### TASK PROMPT
From the line with "(** The split" to the final line, print the records exactly as they are.

====== INPUT MATERIAL ======

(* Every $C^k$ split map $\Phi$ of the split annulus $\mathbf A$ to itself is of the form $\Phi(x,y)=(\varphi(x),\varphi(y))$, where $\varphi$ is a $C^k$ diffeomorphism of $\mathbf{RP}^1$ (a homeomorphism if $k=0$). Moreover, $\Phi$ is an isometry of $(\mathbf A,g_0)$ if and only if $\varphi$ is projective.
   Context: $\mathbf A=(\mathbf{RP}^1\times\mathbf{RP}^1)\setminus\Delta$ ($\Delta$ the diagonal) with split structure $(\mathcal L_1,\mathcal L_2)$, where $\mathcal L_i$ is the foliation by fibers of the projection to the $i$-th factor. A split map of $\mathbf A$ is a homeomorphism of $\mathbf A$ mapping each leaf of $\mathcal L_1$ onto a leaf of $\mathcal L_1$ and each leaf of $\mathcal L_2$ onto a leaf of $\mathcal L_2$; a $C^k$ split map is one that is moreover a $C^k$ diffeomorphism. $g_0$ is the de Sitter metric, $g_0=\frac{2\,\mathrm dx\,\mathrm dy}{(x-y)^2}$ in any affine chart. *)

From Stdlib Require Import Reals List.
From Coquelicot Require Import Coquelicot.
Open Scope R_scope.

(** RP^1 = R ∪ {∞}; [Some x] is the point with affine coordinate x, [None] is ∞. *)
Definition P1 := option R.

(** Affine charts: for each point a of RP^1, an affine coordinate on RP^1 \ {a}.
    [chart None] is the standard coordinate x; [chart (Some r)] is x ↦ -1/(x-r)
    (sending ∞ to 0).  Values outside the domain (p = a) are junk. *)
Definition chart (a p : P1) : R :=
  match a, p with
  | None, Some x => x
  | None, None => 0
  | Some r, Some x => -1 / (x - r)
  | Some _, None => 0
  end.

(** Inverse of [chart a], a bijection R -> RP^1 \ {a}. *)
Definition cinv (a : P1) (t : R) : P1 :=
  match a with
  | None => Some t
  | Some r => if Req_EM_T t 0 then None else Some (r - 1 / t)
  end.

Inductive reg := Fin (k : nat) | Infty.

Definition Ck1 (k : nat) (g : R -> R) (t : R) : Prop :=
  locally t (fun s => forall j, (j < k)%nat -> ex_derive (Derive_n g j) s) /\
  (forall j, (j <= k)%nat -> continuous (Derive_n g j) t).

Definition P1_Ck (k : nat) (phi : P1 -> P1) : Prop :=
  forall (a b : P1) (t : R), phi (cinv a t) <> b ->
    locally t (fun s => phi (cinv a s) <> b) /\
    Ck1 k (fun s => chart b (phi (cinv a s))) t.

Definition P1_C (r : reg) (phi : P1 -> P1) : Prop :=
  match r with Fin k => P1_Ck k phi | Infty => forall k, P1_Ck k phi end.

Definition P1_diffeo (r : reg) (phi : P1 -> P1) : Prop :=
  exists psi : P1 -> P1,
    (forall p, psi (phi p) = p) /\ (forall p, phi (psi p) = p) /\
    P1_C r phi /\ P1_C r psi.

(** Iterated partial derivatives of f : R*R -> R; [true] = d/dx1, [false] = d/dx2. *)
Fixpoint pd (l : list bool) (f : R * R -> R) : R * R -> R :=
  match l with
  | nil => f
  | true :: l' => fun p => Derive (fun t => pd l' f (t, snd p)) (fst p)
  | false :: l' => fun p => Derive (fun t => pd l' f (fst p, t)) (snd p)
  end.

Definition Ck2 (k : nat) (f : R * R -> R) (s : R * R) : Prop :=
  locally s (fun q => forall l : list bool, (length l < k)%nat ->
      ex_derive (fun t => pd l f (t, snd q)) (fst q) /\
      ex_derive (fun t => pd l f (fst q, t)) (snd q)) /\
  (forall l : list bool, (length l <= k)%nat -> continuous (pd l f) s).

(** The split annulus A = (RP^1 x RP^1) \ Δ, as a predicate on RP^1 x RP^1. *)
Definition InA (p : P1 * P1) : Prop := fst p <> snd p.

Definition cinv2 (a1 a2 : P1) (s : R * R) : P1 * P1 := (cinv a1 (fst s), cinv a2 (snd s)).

======

### TASK OUTPUT
(** The split annulus A = (RP^1 x RP^1) \ Δ, as a predicate on RP^1 x RP^1. *)
Definition InA (p : P1 * P1) : Prop := fst p <> snd p.

Definition cinv2 (a1 a2 : P1) (s : R * R) : P1 * P1 := (cinv a1 (fst s), cinv a2 (snd s)).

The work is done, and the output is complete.